Las organizaciones se han visto forzadas a ajustar sus programas formativos para que sigan aportando valor a sus colaboradores, incluidas las nuevas generaciones, más demandantes de nuevos aires. En este contexto de innovación en formación y desarrollo, han crecido las compañías que apuestan por nuevas fórmulas de aprendizaje, conscientes que ofrecer a sus empleados una experiencia formativa más efectiva y atractiva resulta más ventajoso. Entre estas nuevas fórmulas, la gamificación se ha erigido como una metodología clave, especialmente para conseguir aumentar el engagement en los procesos formativos.

El valor de la Gamificación

En este sentido, conseguir enganchar a los empleados en la formación ha sido, hasta ahora, uno de los mayores retos para empresas y departamentos de Recursos Humanos. Por eso, sumar puntos, llegar a los puestos más altos de los rankings y competir con los compañeros suelen ser grandes alicientes para que los colaboradores sigan formándose.

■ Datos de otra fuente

Lemma gap_weights_nonneg a v xs t : v <= 1 -> length t = length xs ->
  List.Forall (fun s => v <= s <= 1) t -> Sorted Rle t ->
  List.Forall (fun p => 0 <= snd p) (gap_weights a v xs t).
Proof.
  revert a v t; induction xs; intros b v t Hv Ht HF HS; destruct t as [|s t];
      cbn [gap_weights length] in *; try discriminate.
  - constructor; simpl; auto. lra.
  - inversion HF; subst. constructor. simpl; lra.
    apply IHxs; auto. lra. pose proof (Sorted_Rle_Forall s t HS) as F.
    apply Forall_forall. intros u Hu. rewrite Forall_forall in F, H2. split. apply F; auto.
    apply H2; auto.
    apply Sorted_inv in HS; tauto.
Qed.

Lemma gap_weights_pos a v xs t : v < 1 -> length t = length xs -> List.Forall (fun s => v < s < 1) t ->
  Sorted Rlt t ->
  List.Forall (fun p => 0 < snd p) (gap_weights a v xs t).
Proof.
  revert a v t; induction xs; intros b v t Hv Ht HF HS; destruct t as [|s t];
      cbn [gap_weights length] in *; try discriminate.
  - constructor; simpl; auto. lra.
  - inversion HF; subst. constructor. simpl; lra.
    apply IHxs; auto. lra.
    assert (SS : StronglySorted Rlt (s :: t)) by (apply Sorted_StronglySorted; auto; intros x y z;
        apply Rlt_trans).
    apply StronglySorted_inv in SS as [_ Fs].
    apply Forall_forall. intros u Hu. rewrite Forall_forall in H2, Fs. split. apply Fs; auto.
    apply H2; auto.
    apply Sorted_inv in HS; tauto.
Qed.

Lemma gap_weights_inj a a' v xs xs' t t' : length t = length xs -> length t' = length xs' ->
  gap_weights a v xs t = gap_weights a' v xs' t' -> a = a' /\ xs = xs' /\ t = t'.
Proof.
  revert a a' v xs' t t'; induction xs as [|x xs IH]; intros a a' v xs' t t' H1 H2 E;
  destruct t as [|s t]; simpl in H1; try discriminate;
  destruct xs' as [|x' xs']; destruct t' as [|s' t']; simpl in H2; try discriminate;
      cbn [gap_weights] in E.
  - injection E; intros; subst; auto.
  - injection E; intros Ea _ _. exfalso. destruct xs'; destruct t'; simpl in Ea; discriminate.
  - injection E; intros Ea _ _. exfalso. destruct xs; destruct t; simpl in Ea; discriminate.
  - injection E; intros E1 E2 E3. assert (s = s') by lra. subst s' a'.
    destruct (IH (mul a x) (mul a x') s xs' t t' ltac:(lia) ltac:(lia) E1) as [A [B C]].
    apply mul_cancel_l in A. subst. auto.
Qed.

Lemma gap_weights_partial_sums (p : G -> R) c0 rest acc :
  acc + lsum p (c0 :: rest) = 1 ->
  gap_weights c0 acc (quotients (c0 :: rest)) (partial_sums acc (map p (c0 :: rest))) =
      map (fun x => (x, p x)) (c0 :: rest).
Proof.
  revert c0 acc; induction rest as [|c1 rest IH]; intros c0 acc H; simpl in *.
  - unfold lsum in H; simpl in H. f_equal. f_equal. lra.
  - rewrite mul_inv_cancel. f_equal. f_equal. ring.
    apply (IH c1 (acc + p c0)). unfold lsum in *; simpl in *. lra.
Qed.

Lemma gap_weights_last_one a v xs x t y : length t = length xs ->
  weight_of (gap_weights a v (xs ++ [x]) (t ++ [1])) y = weight_of (gap_weights a v xs t) y.
Proof.
  revert a v t; induction xs as [|z xs IH]; intros a v t Ht; destruct t as [|s t]; simpl in Ht;
      try discriminate.
  - cbn [app gap_weights]. rewrite !weight_of_cons. unfold weight_of; simpl.
    destruct (excluded_middle_informative (y = a));
        destruct (excluded_middle_informative (y = (mul a x))); ring.
  - cbn [app gap_weights]. rewrite !weight_of_cons. rewrite IH; auto.
Qed.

La gamificación se traduce en un proceso de aprendizaje más dinámico, una mayor retención del conocimiento y un mejor cambio comportamental. En el futuro, éstos se traducen en más éxitos para la compañía, a menudo en forma de mayor productividad, retorno de la inversión, lealtad de los empleados y satisfacción del cliente. Una encuesta realizada por el Grupo Aberdeen indica que las organizaciones que practican la gamificación experimentaron una mejora del 48% en el compromiso de los empleados (en comparación con el 28% con las organizaciones que no implementaron la gamificación) y una mejora del 36% en la rotación de empleados (en comparación con el 25%). Estas diferencias sustanciales en la mejora apuntan directamente a los beneficios de usar escenarios parecidos a los juegos para motivar a los empleados. 

 

¡A aprender… jugando!

El principal valor que tiene la gamificación es que trabaja con las necesidades, deseos e instintos de los jugadores:

Recompensas: Nos encanta recibir regalos cuando cumplimos con una meta. Incluso cuando somos niños, nos hace felices recibir un premio cuando hacemos nuestras tareas o sacamos buenas notas. La gamificación trabaja con este comportamiento aprendido, porque los premios nos motivan para hacer tareas incluso si no nos gustan.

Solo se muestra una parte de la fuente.